* Your objective
Exactly as they appear below, repeat the lines from the one with "Lemma Gamma_bar_loc_homeo : loc_homeo" through the one with "case: HU => _ _ _ _ [_", and no others.

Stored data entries
* * * *
Lemma pi_B_act g y : U y -> pi_B s t (act g y) = pi_B s t y.
Proof.
by move=> Uy; have [sG tG] := Gamma_st g Uy; rewrite -tG -pi_B_st sG.
Qed.

Lemma isotropy_Gamma_surj x m : U x -> s m = x -> t m = x ->
  exists2 g, act g x = x & Gamma g x = m.
Proof.
move=> Ux sm tm; have Mm : MorS s t U U m by split; rewrite ?sm ?tm.
case: HU => _ _ _ _ [+ _] => /(_ m Mm (etrans sm (esym tm)) m).
case=> [|g _ [y Uy Em]]; first exact: connected_component_refl.
have [sG tG] := Gamma_st g Uy.
have yx : y = x by rewrite -sm -Em.
by subst y; exists g; rewrite // -[RHS]tm -Em.
Qed.

Lemma Gamma_mul_isotropy g h x : U x -> act g x = x ->
  Gamma (h * g)%g x = comp (Gamma g x) (Gamma h x).
Proof. by move=> Ux gx; rewrite Gamma_mul // gx. Qed.

Lemma Gamma1 x : U x -> Gamma 1%g x = e x.
Proof.
have [unit_st _ _ unit_comp _] := HB.
move=> Ux; have [se te] := unit_st x.
have [k _ ek] := isotropy_Gamma_surj Ux se te.
have [_ t1] := Gamma_st 1%g Ux.
have [_ unit_r] := unit_comp (Gamma 1%g x).
by rewrite -[LHS]unit_r t1 act_one // -ek -Gamma_mul_isotropy ?act_one // mulg1.
Qed.

Lemma isotropy_mor_inverse x m : U x -> s m = x -> t m = x ->
  exists m', [/\ s m' = x, t m' = x, comp m m' = e x & comp m' m = e x].
Proof.
move=> Ux sm tm; have [g gx <-] := isotropy_Gamma_surj Ux sm tm.
have gVx : act g^-1%g x = x by rewrite -{1}gx act_invK.
have [sV tV] := Gamma_st g^-1%g Ux.
exists (Gamma g^-1%g x); rewrite sV tV gVx -!Gamma_mul_isotropy //.
by rewrite mulVg mulgV Gamma1.
Qed.

Definition isotropy_index x m : G :=
  xget 1%g (fun h => act h x = x /\ Gamma h x = m).

Lemma isotropy_indexK x h : U x -> act h x = x ->
  isotropy_index x (Gamma h x) = h.
Proof.
move=> Ux hx.
have ex_h : exists h', act h' x = x /\ Gamma h' x = Gamma h x by exists h.
by have [_ /Gamma_inj []] := xgetPex 1%g ex_h.
Qed.

Lemma isotropy_conj_iso x g : U x ->
  exists phi : Mor -> Mor,
    [/\ (forall m, s m = x -> t m = x ->
            s (phi m) = act g x /\ t (phi m) = act g x),
        (forall m m', s m = x -> t m = x -> s m' = x -> t m' = x ->
            phi m = phi m' -> m = m'),
        (forall m', s m' = act g x -> t m' = act g x ->
            exists m, [/\ s m = x, t m = x & phi m = m']) &
        (forall m m', s m = x -> t m = x -> s m' = x -> t m' = x ->
            phi (comp m m') = comp (phi m) (phi m'))].
Proof.
move=> Ux; have Ugx := act_inU g Ux.
have conj_fix h : act h x = x -> act (g * h * g^-1)%g (act g x) = act g x.
  by move=> hx; rewrite !act_mul ?act_invK ?hx.
exists (fun m => Gamma (g * isotropy_index x m * g^-1)%g (act g x)); split.
- move=> m sm tm; have [h hx <-] := isotropy_Gamma_surj Ux sm tm.
  by rewrite isotropy_indexK //; have [-> ->] := Gamma_st (g * h * g^-1)%g Ugx;
    rewrite conj_fix.
- move=> m m' sm tm sm' tm'.
  have [h hx <-] := isotropy_Gamma_surj Ux sm tm.
  have [h' hx' <-] := isotropy_Gamma_surj Ux sm' tm'.
  rewrite !isotropy_indexK // => /Gamma_inj [] //.
  move=> /(congr1 (fun k => g^-1 * k * g)%g).
  by rewrite /= !mulgA !mulVg !mul1g !mulgKV => ->.
- move=> m' sm' tm'; have [k kx <-] := isotropy_Gamma_surj Ugx sm' tm'.
  have kx' : act (g^-1 * k * g)%g x = x.
    by rewrite !act_mul ?act_inU // kx act_invK.
  have [sG tG] := Gamma_st (g^-1 * k * g)%g Ux.
  exists (Gamma (g^-1 * k * g)%g x); rewrite sG tG kx' isotropy_indexK //.
  by rewrite !mulgA mulgV mul1g mulgK.
- move=> m m' sm tm sm' tm'.
  have [h hx <-] := isotropy_Gamma_surj Ux sm tm.
  have [h' hx' <-] := isotropy_Gamma_surj Ux sm' tm'.
  have hh'x : act (h' * h)%g x = x by rewrite act_mul // hx hx'.
  rewrite -Gamma_mul_isotropy // !isotropy_indexK //.
  rewrite -Gamma_mul_isotropy ?conj_fix //.
  by rewrite !mulgA mulgKV.
Qed.

Lemma Gamma_bar_pi (y : U) : Gamma_bar (qU y) = pi_B s t (set_val y).
Proof.
have : qU (generic_quotient.repr (qU y)) = qU y by rewrite reprK.
move/eqquotP/asboolP; rewrite /Gamma_bar.
move: (generic_quotient.repr _) => r.
move: r y; apply: clos_refl_sym_trans_ind => //.
- by move=> a b [g <-]; rewrite pi_B_act //; apply: set_valP.
- by move=> a b c _ -> _ ->.
Qed.

Lemma Gamma_bar_in_image q : (pi_B s t @` U) (Gamma_bar q).
Proof.
by exists (set_val (generic_quotient.repr q)) => //; apply: set_valP.
Qed.

Lemma open_Gamma_bar_image V : open V -> open (Gamma_bar @` V).
Proof.
case=> O oO EO.
suff -> : Gamma_bar @` V = pi_B s t @` (O `&` U).
  by apply: etale_open_pi_B_image; apply: openI => //; apply: open_U.
apply/seteqP; split=> [_ [q Vq <-] | _ [z [Oz Uz] <-]].
- exists (set_val (generic_quotient.repr q)); split; last exact: set_valP.
  + have : (qU @^-1` V) (generic_quotient.repr q) by rewrite /= reprK.
    by rewrite -EO.
- pose y : U := SigSub (mem_set Uz).
  exists (qU y); last by rewrite Gamma_bar_pi.
  by have : (set_val @^-1` O) y by []; rewrite EO.
Qed.

Lemma rel_open_Gamma_bar_image V :
  open V -> rel_open (pi_B s t @` U) (Gamma_bar @` V).
Proof.
move=> oV; exists (Gamma_bar @` V); split; first exact: open_Gamma_bar_image.
by rewrite setIidl // => _ [q _ <-]; apply: Gamma_bar_in_image.
Qed.

Lemma continuous_Gamma_bar : continuous Gamma_bar.
Proof.
apply/quotient_continuous.
have -> : Gamma_bar \o qU = pi_B s t \o set_val.
  by apply: funext => y; apply: Gamma_bar_pi.
have val_cont : continuous (set_val : U -> B).
  by apply/continuousP => A oA; exists A.
by move=> y; apply: continuous_comp; [apply: val_cont | apply: pi_continuous].
Qed.

Lemma open_realization_U : open (pi_B s t @` U).
Proof. exact: etale_open_pi_B_image open_U. Qed.

Lemma Gamma_bar_loc_homeo : loc_homeo setT (pi_B s t @` U) Gamma_bar.
Proof.
split=> [q _| |q _]; first exact: Gamma_bar_in_image.
  exact: (continuous_subspace_setT _).1 continuous_Gamma_bar.
case: HU => _ _ _ _ [_ [/(_ q) [N [oN Nq Ninj]] _]].
exists N; split=> // [a b /set_mem [_ Na] /set_mem [_ Nb]|V oV].
  by apply: Ninj; apply: mem_set.
by apply: rel_open_Gamma_bar_image; rewrite setTI; apply: openI.
Qed.

Section LocalUniformizer.
Hypothesis groupoidB : is_groupoid s t e comp.
Hypothesis Gamma_onto :
  forall m, MorS s t U U m -> exists g y, U y /\ Gamma g y = m.

Lemma Gamma_bar_inj : injective Gamma_bar.
Proof.
move=> q1 q2 /(groupoid_pi_B_eq_mor groupoidB) [m [sm tm]].
have Mm : MorS s t U U m by split; rewrite ?sm ?tm; apply: set_valP.
have [g [y [Uy Gm]]] := Gamma_onto Mm.
have [sG tG] := Gamma_st g Uy.
rewrite -(reprK q1) -(reprK q2); apply/eqquotP/asboolP/rst_step.
by exists g; rewrite -tm -Gm tG -sG Gm sm.
Qed.

Lemma Gamma_bar_homeo_onto : homeo_onto (pi_B s t @` U) Gamma_bar.
Proof.
split=> //; [exact: continuous_Gamma_bar | exact: Gamma_bar_inj | |].
- apply/seteqP; split=> [_ [q _ <-]|_ [z Uz <-]].
    exact: Gamma_bar_in_image.
  by exists (qU (SigSub (mem_set Uz))) => //; rewrite Gamma_bar_pi.
- exact: rel_open_Gamma_bar_image.
Qed.

End LocalUniformizer.
End Preuniformizer.
End EtaleCategory.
* * * *
* Expected answer
Lemma Gamma_bar_loc_homeo : loc_homeo setT (pi_B s t @` U) Gamma_bar.
Proof.
split=> [q _| |q _]; first exact: Gamma_bar_in_image.
  exact: (continuous_subspace_setT _).1 continuous_Gamma_bar.
case: HU => _ _ _ _ [_ [/(_ q) [N [oN Nq Ninj]] _]].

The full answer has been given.